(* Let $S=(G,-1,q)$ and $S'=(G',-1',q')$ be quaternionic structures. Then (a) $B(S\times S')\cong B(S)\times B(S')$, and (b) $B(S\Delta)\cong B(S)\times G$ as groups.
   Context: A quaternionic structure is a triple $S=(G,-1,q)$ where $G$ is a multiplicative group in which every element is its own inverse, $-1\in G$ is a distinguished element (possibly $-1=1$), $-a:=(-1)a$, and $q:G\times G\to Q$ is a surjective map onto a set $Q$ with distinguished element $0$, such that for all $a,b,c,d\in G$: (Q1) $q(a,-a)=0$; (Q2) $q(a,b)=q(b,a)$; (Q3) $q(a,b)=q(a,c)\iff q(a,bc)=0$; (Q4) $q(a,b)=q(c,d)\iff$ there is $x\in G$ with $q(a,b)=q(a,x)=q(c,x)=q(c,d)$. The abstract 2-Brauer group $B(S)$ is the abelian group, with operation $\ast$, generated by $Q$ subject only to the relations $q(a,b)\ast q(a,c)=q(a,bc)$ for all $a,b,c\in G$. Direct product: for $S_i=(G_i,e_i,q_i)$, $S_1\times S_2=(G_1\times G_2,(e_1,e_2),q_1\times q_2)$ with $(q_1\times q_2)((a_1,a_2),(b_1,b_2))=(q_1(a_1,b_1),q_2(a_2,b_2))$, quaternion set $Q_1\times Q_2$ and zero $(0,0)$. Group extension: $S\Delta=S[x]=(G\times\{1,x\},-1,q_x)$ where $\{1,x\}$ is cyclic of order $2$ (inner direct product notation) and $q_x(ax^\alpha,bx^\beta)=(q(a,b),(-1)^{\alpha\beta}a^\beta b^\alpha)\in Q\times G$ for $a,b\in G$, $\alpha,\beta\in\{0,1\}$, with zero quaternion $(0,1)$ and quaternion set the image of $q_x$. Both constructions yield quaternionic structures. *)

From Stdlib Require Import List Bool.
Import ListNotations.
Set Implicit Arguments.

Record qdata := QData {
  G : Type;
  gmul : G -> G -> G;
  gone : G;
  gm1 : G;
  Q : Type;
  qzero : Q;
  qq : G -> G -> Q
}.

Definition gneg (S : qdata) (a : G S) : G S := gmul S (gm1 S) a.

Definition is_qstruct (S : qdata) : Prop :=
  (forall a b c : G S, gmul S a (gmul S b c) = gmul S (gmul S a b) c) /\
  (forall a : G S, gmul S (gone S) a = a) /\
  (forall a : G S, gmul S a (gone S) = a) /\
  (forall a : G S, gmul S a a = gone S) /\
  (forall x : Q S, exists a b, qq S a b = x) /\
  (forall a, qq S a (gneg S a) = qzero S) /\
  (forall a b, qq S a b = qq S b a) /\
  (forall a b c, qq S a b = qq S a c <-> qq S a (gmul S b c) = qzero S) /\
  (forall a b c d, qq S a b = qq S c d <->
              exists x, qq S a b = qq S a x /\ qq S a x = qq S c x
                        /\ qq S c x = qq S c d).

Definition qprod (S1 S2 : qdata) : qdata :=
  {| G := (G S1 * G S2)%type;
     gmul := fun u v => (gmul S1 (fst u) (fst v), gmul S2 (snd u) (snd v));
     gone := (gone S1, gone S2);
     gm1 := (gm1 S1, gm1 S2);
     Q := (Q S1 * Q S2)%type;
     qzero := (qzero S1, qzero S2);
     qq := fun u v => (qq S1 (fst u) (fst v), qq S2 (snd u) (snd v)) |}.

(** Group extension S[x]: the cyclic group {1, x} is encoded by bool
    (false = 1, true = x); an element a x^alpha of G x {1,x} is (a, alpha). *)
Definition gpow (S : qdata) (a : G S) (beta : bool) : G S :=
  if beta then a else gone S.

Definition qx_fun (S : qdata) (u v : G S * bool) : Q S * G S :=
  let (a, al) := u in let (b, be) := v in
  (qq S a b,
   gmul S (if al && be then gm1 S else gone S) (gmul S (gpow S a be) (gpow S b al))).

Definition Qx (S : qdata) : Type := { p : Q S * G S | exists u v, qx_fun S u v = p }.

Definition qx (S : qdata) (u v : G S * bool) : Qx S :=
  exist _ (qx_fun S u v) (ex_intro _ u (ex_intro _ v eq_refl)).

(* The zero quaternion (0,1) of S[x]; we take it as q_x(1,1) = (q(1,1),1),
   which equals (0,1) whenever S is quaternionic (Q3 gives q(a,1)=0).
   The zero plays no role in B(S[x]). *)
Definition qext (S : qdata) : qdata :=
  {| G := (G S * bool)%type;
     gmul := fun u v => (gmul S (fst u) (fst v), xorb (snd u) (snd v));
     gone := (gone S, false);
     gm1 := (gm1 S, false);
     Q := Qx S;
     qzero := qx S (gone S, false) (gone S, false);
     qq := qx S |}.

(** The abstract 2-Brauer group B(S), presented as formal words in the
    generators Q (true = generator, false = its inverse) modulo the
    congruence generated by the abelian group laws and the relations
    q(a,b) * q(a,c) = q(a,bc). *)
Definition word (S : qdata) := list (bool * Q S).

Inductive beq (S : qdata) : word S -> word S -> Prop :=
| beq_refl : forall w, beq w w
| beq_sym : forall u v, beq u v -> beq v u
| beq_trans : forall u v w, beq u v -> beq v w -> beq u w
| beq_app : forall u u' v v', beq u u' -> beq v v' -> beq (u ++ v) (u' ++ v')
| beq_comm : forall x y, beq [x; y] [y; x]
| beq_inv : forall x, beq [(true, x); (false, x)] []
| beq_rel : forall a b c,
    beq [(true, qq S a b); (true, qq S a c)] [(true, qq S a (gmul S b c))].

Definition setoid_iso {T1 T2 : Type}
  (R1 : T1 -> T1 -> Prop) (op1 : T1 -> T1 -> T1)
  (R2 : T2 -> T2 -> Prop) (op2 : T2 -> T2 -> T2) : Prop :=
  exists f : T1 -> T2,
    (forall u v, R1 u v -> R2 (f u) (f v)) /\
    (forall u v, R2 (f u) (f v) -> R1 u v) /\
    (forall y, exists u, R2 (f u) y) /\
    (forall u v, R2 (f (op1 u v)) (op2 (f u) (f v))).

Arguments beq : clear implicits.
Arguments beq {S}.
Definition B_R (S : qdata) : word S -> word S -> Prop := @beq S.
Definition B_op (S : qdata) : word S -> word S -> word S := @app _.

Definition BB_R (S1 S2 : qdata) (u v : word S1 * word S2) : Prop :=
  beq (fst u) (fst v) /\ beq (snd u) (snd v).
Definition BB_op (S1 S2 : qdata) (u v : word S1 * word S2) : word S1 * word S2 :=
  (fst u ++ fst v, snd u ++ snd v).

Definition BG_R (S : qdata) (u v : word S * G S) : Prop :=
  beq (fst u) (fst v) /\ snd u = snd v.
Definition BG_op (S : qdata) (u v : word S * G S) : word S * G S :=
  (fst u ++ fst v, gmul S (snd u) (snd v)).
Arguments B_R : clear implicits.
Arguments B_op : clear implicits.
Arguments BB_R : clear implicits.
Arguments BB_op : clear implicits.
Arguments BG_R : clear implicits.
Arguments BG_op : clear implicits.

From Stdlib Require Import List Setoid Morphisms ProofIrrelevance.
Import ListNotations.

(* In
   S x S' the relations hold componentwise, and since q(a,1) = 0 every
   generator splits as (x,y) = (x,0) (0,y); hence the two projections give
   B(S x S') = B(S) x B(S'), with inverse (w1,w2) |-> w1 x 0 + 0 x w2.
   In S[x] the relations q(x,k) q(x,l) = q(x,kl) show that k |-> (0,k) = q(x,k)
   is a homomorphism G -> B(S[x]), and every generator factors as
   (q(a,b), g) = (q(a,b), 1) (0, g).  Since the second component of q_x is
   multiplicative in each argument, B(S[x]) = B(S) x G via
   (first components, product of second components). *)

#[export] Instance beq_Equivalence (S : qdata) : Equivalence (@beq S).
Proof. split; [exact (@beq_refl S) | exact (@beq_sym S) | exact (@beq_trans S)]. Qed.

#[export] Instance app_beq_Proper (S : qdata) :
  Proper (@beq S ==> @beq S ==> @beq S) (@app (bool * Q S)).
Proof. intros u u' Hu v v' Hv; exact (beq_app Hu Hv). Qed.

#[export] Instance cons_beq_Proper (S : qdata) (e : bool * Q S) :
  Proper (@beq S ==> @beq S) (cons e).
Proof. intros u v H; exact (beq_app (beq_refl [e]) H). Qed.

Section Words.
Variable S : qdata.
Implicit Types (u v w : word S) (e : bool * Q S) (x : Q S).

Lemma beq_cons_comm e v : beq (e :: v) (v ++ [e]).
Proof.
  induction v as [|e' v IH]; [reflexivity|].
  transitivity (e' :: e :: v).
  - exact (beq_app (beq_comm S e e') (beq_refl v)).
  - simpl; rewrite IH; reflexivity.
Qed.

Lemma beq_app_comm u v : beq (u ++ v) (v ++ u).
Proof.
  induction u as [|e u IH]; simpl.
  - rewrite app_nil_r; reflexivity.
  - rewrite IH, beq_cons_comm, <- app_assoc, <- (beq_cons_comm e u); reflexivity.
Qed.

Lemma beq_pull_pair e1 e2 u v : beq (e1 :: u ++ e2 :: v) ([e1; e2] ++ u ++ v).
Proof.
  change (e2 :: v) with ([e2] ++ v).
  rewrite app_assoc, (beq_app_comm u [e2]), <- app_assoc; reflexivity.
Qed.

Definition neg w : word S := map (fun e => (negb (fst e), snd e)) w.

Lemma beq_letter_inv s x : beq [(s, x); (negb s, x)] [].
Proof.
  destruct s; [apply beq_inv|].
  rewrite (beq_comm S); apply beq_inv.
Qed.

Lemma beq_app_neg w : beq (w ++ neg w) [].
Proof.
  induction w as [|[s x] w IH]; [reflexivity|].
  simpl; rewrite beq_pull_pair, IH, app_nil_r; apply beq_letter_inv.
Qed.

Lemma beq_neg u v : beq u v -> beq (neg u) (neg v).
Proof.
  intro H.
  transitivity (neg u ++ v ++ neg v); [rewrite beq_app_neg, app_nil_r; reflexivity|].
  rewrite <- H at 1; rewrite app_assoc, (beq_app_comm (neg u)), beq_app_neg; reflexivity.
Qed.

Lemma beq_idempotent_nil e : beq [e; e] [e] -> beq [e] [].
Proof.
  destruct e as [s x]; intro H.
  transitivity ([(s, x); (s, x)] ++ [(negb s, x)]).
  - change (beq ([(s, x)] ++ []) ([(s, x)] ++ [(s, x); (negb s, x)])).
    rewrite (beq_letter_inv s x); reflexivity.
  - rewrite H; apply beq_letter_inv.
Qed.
◇ ◇ ◇ ◇
Copy back the listing above exactly, but only from the line with "Definition qx (S : qdata) (u" through the line with "gmul := fun u v => (gmul S (fst", both ends included.

Definition qx (S : qdata) (u v : G S * bool) : Qx S :=
  exist _ (qx_fun S u v) (ex_intro _ u (ex_intro _ v eq_refl)).

(* The zero quaternion (0,1) of S[x]; we take it as q_x(1,1) = (q(1,1),1),
   which equals (0,1) whenever S is quaternionic (Q3 gives q(a,1)=0).
   The zero plays no role in B(S[x]). *)
Definition qext (S : qdata) : qdata :=
  {| G := (G S * bool)%type;
     gmul := fun u v => (gmul S (fst u) (fst v), xorb (snd u) (snd v));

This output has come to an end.